The day after the skirmish at Bridport, the East Dorset Regiment marched into the town from Blandford, and the Dorset Militia from the Sherborne area hovered around Yeovil and the line of the River Parrett on Monmouth's flank. On 17 June John, Lord Churchill, arrived at Bridport with the cavalry of the Royal army. Next day the Dorset Militia marched out with Churchill in pursuit of Monmouth. After Bridport Monmouth had advanced from Lyme to Axminster, just in time to prevent a junction of the Devon and Somerset Militia. Some of the Somersets fled, many joining Monmouth, and Monmouth followed up into that county; the Devons fell back and blocked his way westwards, as the Dorsets had blocked the way into East Dorset. While the Dorsets with Churchill closely followed Monmouth, the Devons re-occupied Lyme and Taunton behind him. Finding the Gloucestershire and Wiltshire Militia also blocking the routes into those counties, Monmouth was unable to reach Bristol and fell back into Somerset, where Churchill joined the Royal forces under the Earl of Feversham.
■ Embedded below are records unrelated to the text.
(* Let $S$ be a memory system satisfying the Causality assumption. For all $n,m,v\ge1$: every unambiguous trace of $S(n,m,v)$ is sequentially consistent if and only if there is a witness $\Omega$ for $S(n,m,v)$ such that the graph $G(\Omega)(\tau)$ is acyclic for every unambiguous trace $\tau$ of $S(n,m,v)$.
   Context: Notation: $\mathbb{N}_n=\{1,\dots,n\}$, $\mathbb{W}_n=\{0,\dots,n\}$. Memory events $E(n,m,v)=\{R,W\}\times\mathbb{N}_n\times\mathbb{N}_m\times\mathbb{W}_v$; for $e=\langle a,b,c,d\rangle$, $op(e)=a$, $proc(e)=b$, $loc(e)=c$, $data(e)=d$; $0$ models the initial value of every location. A memory system is a family $S=(S(n,m,v))_{n,m,v\ge1}$, $S(n,m,v)$ a regular set of finite runs over an alphabet $E^a(n,m,v)\supseteq E(n,m,v)$ (other letters are internal events). The trace of a run is its subsequence of memory events; traces of $S(n,m,v)$ are traces of its runs. For a sequence $\tau$ of memory events with positions $1,\dots,|\tau|$: $P(\tau,i)=\{k: proc(\tau(k))=i\}$, $L(\tau,j)=\{k: loc(\tau(k))=j\}$, $L^w(\tau,j)=\{k\in L(\tau,j): op(\tau(k))=W\}$, $L^r(\tau,j)=\{k\in L(\tau,j): op(\tau(k))=R\}$. A trace $\tau$ is unambiguous if for every location $j$ and $x\in L^w(\tau,j)$, $data(\tau(x))\ne0$ and $data(\tau(x))\ne data(\tau(y))$ for all $y\in L^w(\tau,j)\setminus\{x\}$. Causality assumption: for all $n,m,v\ge1$, every trace $\tau$ of $S(n,m,v)$, every location $j$ and every $x\in L^r(\tau,j)$, either $data(\tau(x))=0$ or there is $y\in L^w(\tau,j)$ with $data(\tau(x))=data(\tau(y))$. Sequential consistency: $\tau$ is serial if for every position $u$, with $upto(\tau,u)=\{k\le u: op(\tau(k))=W,\ loc(\tau(k))=loc(\tau(u))\}$, $data(\tau(u))=0$ when $upto(\tau,u)=\emptyset$ and $data(\tau(u))=data(\tau(\max upto(\tau,u)))$ otherwise. $M(\tau,i)=\{\langle u,v\rangle: u,v\in P(\tau,i), u<v\}$. $\tau$ is sequentially consistent if some permutation $f$ of $\mathbb{N}_{|\tau|}$ satisfies (C1) $\langle u,v\rangle\in M(\tau,i)$ for some $i$ implies $f(u)<f(v)$, and (C2) $\tau_{f^{-1}(1)}\cdots\tau_{f^{-1}(|\tau|)}$ is serial. A witness $\Omega$ for $S(n,m,v)$ assigns to every trace $\tau$ of $S(n,m,v)$ and location $j$ a strict total order $\Omega(\tau,j)$ on $L^w(\tau,j)$. For unambiguous $\tau$, $\Omega^e(\tau,j)\subseteq L(\tau,j)^2$: $\langle x,y\rangle\in\Omega^e(\tau,j)$ iff (1) $data(\tau(x))=data(\tau(y))$, $op(\tau(x))=W$, $op(\tau(y))=R$; or (2) $data(\tau(x))=0$ and $data(\tau(y))\ne0$; or (3) there are $a,b\in L^w(\tau,j)$ with $\langle a,b\rangle\in\Omega(\tau,j)$, $data(\tau(a))=data(\tau(x))$, $data(\tau(b))=data(\tau(y))$. The constraint graph $G(\Omega)(\tau)$ is the directed graph with vertex set $\{1,\dots,|\tau|\}$ and edge set $\bigcup_{1\le i\le n}M(\tau,i)\cup\bigcup_{1\le j\le m}\Omega^e(\tau,j)$. *)

From Stdlib Require Import Relations.
From Stdlib Require List.
From mathcomp Require Import all_boot.
Set Implicit Arguments. Unset Strict Implicit. Unset Printing Implicit Defensive.

Inductive opk := R | W.

Record event := Ev { op : opk; proc : nat; loc : nat; data : nat }.

Definition is_write (e : event) : bool := if op e is W then true else false.

Definition in_E (n m v : nat) (e : event) : Prop :=
  1 <= proc e <= n /\ 1 <= loc e <= m /\ data e <= v.

Definition regular_lang (A : Type) (L : seq A -> Prop) : Prop :=
  exists (Q : finType) (q0 : Q) (d : Q -> A -> Q) (F : pred Q),
    forall w, L w <-> F (foldl d q0 w).

(* A memory system: for each n,m,v a finite set of internal letters
   (so E^a(n,m,v) = E(n,m,v) + internal letters), and a regular set of runs
   over E^a(n,m,v). *)
Record memsys := MemSys {
  internal : nat -> nat -> nat -> finType;
  runs : forall n m v, seq (event + internal n m v) -> Prop;
  runs_events : forall n m v (r : seq (event + internal n m v)),
      runs r -> forall e, List.In (inl e) r -> in_E n m v e;
  runs_regular : forall n m v, regular_lang (@runs n m v)
}.

Definition trace (I : Type) (r : seq (event + I)) : seq event :=
  pmap (fun a => if a is inl e then Some e else None) r.

Definition trace_of (S : memsys) (n m v : nat) (tau : seq event) : Prop :=
  exists r, @runs S n m v r /\ trace r = tau.

Definition dflt_ev := Ev R 0 0 0.
Definition at_ (tau : seq event) (k : nat) : event := nth dflt_ev tau k.-1.
Definition pos (tau : seq event) (k : nat) : Prop := 1 <= k <= size tau.

Definition Pset (tau : seq event) (i k : nat) : Prop := pos tau k /\ proc (at_ tau k) = i.
Definition Lset (tau : seq event) (j k : nat) : Prop := pos tau k /\ loc (at_ tau k) = j.
Definition Lw (tau : seq event) (j k : nat) : Prop := Lset tau j k /\ op (at_ tau k) = W.
Definition Lr (tau : seq event) (j k : nat) : Prop := Lset tau j k /\ op (at_ tau k) = R.

Definition unambiguous (tau : seq event) : Prop :=
  forall j x, Lw tau j x ->
    data (at_ tau x) <> 0 /\
    (forall y, Lw tau j y -> y <> x -> data (at_ tau x) <> data (at_ tau y)).

Definition causality (S : memsys) : Prop :=
  forall n m v, 1 <= n -> 1 <= m -> 1 <= v ->
  forall tau, trace_of S n m v tau ->
  forall j x, Lr tau j x ->
    data (at_ tau x) = 0 \/ exists y, Lw tau j y /\ data (at_ tau x) = data (at_ tau y).

Definition upto (tau : seq event) (u : nat) : seq nat :=
  [seq k <- iota 1 u | is_write (at_ tau k) && (loc (at_ tau k) == loc (at_ tau u))].

Definition serial (tau : seq event) : Prop :=
  forall u, pos tau u ->
    data (at_ tau u) =
      (if upto tau u is [::] then 0 else data (at_ tau (\max_(k <- upto tau u) k))).

Definition Mrel (tau : seq event) (i u w : nat) : Prop :=
  Pset tau i u /\ Pset tau i w /\ u < w.

Definition perm_N (N : nat) (f g : nat -> nat) : Prop :=
  (forall u, 1 <= u <= N -> 1 <= f u <= N /\ g (f u) = u) /\
  (forall p, 1 <= p <= N -> 1 <= g p <= N /\ f (g p) = p).

Definition seq_consistent (tau : seq event) : Prop :=
  exists f g : nat -> nat, perm_N (size tau) f g /\
    (forall i u w, Mrel tau i u w -> f u < f w) /\
    serial [seq at_ tau (g p) | p <- iota 1 (size tau)].

Definition strict_total_order (D : nat -> Prop) (Rl : nat -> nat -> Prop) : Prop :=
  (forall x y, Rl x y -> D x /\ D y) /\
  (forall x, ~ Rl x x) /\
  (forall x y z, Rl x y -> Rl y z -> Rl x z) /\
  (forall x y, D x -> D y -> x <> y -> Rl x y \/ Rl y x).

Definition witness (S : memsys) (n m v : nat)
  (Omega : seq event -> nat -> nat -> nat -> Prop) : Prop :=
  forall tau, trace_of S n m v tau ->
  forall j, 1 <= j <= m -> strict_total_order (Lw tau j) (Omega tau j).

Definition Omega_e (tau : seq event) (Om : nat -> nat -> Prop) (j x y : nat) : Prop :=
  Lset tau j x /\ Lset tau j y /\
  ( (data (at_ tau x) = data (at_ tau y) /\ op (at_ tau x) = W /\ op (at_ tau y) = R)
  \/ (data (at_ tau x) = 0 /\ data (at_ tau y) <> 0)
  \/ (exists a b, Lw tau j a /\ Lw tau j b /\ Om a b /\
        data (at_ tau a) = data (at_ tau x) /\ data (at_ tau b) = data (at_ tau y)) ).

Definition Gedge (n m : nat) (Omega : seq event -> nat -> nat -> nat -> Prop)
  (tau : seq event) (x y : nat) : Prop :=
  pos tau x /\ pos tau y /\
  ((exists i, 1 <= i <= n /\ Mrel tau i x y) \/
   (exists j, 1 <= j <= m /\ Omega_e tau (Omega tau j) j x y)).

Definition acyclic (E : nat -> nat -> Prop) : Prop :=
  forall x, ~ clos_trans nat E x x.

(* If every unambiguous trace is sequentially consistent, rank the events of each
   trace by a serial reordering [f] and let Omega order the writes to each location
   by [f].  In a serial order every event returns the value of the [f]-latest write
   to its location ranked no later than itself (or 0 if there is none), and by
   unambiguity that value determines the write; hence every edge of the constraint
   graph increases [f], and the graph is acyclic.
   Conversely, a linear extension of an acyclic constraint graph respects program
   order, and it is serial: by causality a read returns either 0, and then precedes
   every write to its location, or the value of a unique write [w], which it
   follows, while every other write to that location precedes [w] or follows the
   read according to Omega. *)

From Stdlib Require Import Relations.
From Stdlib Require List.
From mathcomp Require Import all_boot zify boolp.

Set Implicit Arguments.
Unset Strict Implicit.
Unset Printing Implicit Defensive.

Lemma is_writeP (e : event) : reflect (op e = W) (is_write e).
Proof. by case: e => [[]] /=; constructor. Qed.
At the Battle of Norton St Philip on 27 June, Feversham posted the Dorset Militia, together with those of Somerset and Oxfordshire in the line while the Regulars attempted to attack the village. Although the rebels repulsed this attack, they did not dare to attack Feversham's position, and continued their retreat to Frome and then to Bridgwater. The speed of the march was such that the Dorset Militia were exhausted, and Feversham (who did not trust the militia) sent them home to Dorset to keep the peace there and maintain the cordon drawn round the rebels. On the night of 5/6 July Monmouth launched a desperate attack on Feversham's camp (the Battle of Sedgemoor), but his scratch forces were destroyed by the regulars. Major Thomas Erle and Capt Thomas Chaffin of the Dorset Militia fought as volunteers under Churchill at Sedgemoor.

Four days after Sedgemoor King James ordered the militia to be stood down across the country, but those of the West Country still had work to do in hunting down rebels and pacifying the countryside. James II deliberately belittled their performance to play down Monmouth's skill and to bolster his own plans for a large army under his own control. After the suppression of the rebellion he suspended militia musters and planned to use the counties' weapons and militia taxes to equip and pay his expanding Regular Army, which he felt he could rely upon, unlike the locally commanded militia.

The West Country militia was not mustered for training in 1687, and was not embodied when William of Orange made his landing in the West Country in 1688 (the Glorious Revolution). It is impossible to say whether the Dorset Militia would have supported James or William, but the officers who were MPs all supported William, and Robert Coker, a former Parliamentary and Militia officer, and recently removed as a DL for Dorset, was instrumental in bringing over the Dorset Militia for William. (Note: Major Thomas Erle of the Dorset Militia went on to raise a regiment of foot for William during the Glorious Revolution and fought with it at the Battle of the Boyne. He then took command of Luttrell's Regiment (later the Green Howards), served as a Brigadier-General at the Battle of Landen and as a Lieutenant-General at the Battle of Almansa and Siege of Lille. He was promoted to full General in 1711 and retired as commander-in-chief in England.)

The militia was restored to its former position under William III. When all the counties mustered their militia in 1697, Dorset had two Troops of Horse with 8 officers and 118 men, and 23 Companies of Foot with 69 officers and 1760 men, organised into two regiments. But the Militia passed into virtual abeyance during the long peace after the Treaty of Utrecht in 1712.

==1757 Reforms==

Lord Rivers, the colonel of the Dorset Militia from 1757 to 1798

Under threat of French invasion during the Seven Years' War a series of Militia Acts from 1757 reorganised the county militia regiments, the men being conscripted by means of parish ballots (paid substitutes were permitted) to serve for three years. In peacetime they assembled for 28 days' annual training. There was a property qualification for officers, who were commissioned by the lord lieutenant. An adjutant and drill sergeants were to be provided to each regiment from the Regular Army, and arms and accoutrements would be supplied when the county had secured 60 per cent of its quota of recruits.

Dorsetshire was given a quota of 640 men in one regiment, and George Pitt, MP, later Lord Rivers, was commissioned as colonel on 25 October 1757. Not only was he the first militia colonel to be commissioned under the Act, but his regiment was the first to be completed, receiving its arms on 27 August 1758. (Note: In later years it wore the number '1' on its buttons to commemorate this, irrespective of the precedence it had been assigned.) The Earl of Shaftesbury, Lord Lieutenant of Dorset, reviewed part of the new regiment near Cranbourne in October that year and expressed himself satisfied with their appearance. The regiment was embodied at Dorchester for actual service on 21 June 1759 (again, together with the Wiltshire Militia on the same day, the first regiment to be embodied).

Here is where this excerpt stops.